◆ Exercise details: Reproduce exactly the line with "f (y (S k)) - hs_inner" and all the lines beneath it, stopping only at the end of the material.

◆ Records for processing:

(** The noisy ADMM iteration: the sequences x, y, lam, mu (with arbitrary
    initial values y 0, lam 0, mu 0; x 0 unused) satisfy the ADMM recursion. *)
Definition noisy_admm {X Y H : HilbertSpace} (A : X -> H) (D : X -> Prop) (W : X -> Y)
  (domf : Y -> Prop) (f : Y -> R) (rho1 rho2 : R) (bd : H)
  (x : nat -> X) (y : nat -> Y) (lam : nat -> H) (mu : nat -> Y) : Prop :=
  forall k : nat,
    (D (x (S k)) /\
     forall z, D z ->
       hs_inner (lam k) (A (x (S k))) + hs_inner (mu k) (W (x (S k)))
       + rho1 / 2 * (hnorm (hsub (A (x (S k))) bd)) ^ 2
       + rho2 / 2 * (hnorm (hsub (W (x (S k))) (y k))) ^ 2
       <= hs_inner (lam k) (A z) + hs_inner (mu k) (W z)
       + rho1 / 2 * (hnorm (hsub (A z) bd)) ^ 2
       + rho2 / 2 * (hnorm (hsub (W z) (y k))) ^ 2) /\
    (domf (y (S k)) /\
     forall z, domf z ->
       f (y (S k)) - hs_inner (mu k) (y (S k)) + rho2 / 2 * (hnorm (hsub (W (x (S k))) (y (S k)))) ^ 2
       <= f z - hs_inner (mu k) z + rho2 / 2 * (hnorm (hsub (W (x (S k))) z)) ^ 2) /\
    lam (S k) = hs_add (lam k) (hs_scal rho1 (hsub (A (x (S k))) bd)) /\
    mu (S k) = hs_add (mu k) (hs_scal rho2 (hsub (W (x (S k))) (y (S k)))).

◆ Your response:
       f (y (S k)) - hs_inner (mu k) (y (S k)) + rho2 / 2 * (hnorm (hsub (W (x (S k))) (y (S k)))) ^ 2
       <= f z - hs_inner (mu k) z + rho2 / 2 * (hnorm (hsub (W (x (S k))) z)) ^ 2) /\
    lam (S k) = hs_add (lam k) (hs_scal rho1 (hsub (A (x (S k))) bd)) /\
    mu (S k) = hs_add (mu k) (hs_scal rho2 (hsub (W (x (S k))) (y (S k)))).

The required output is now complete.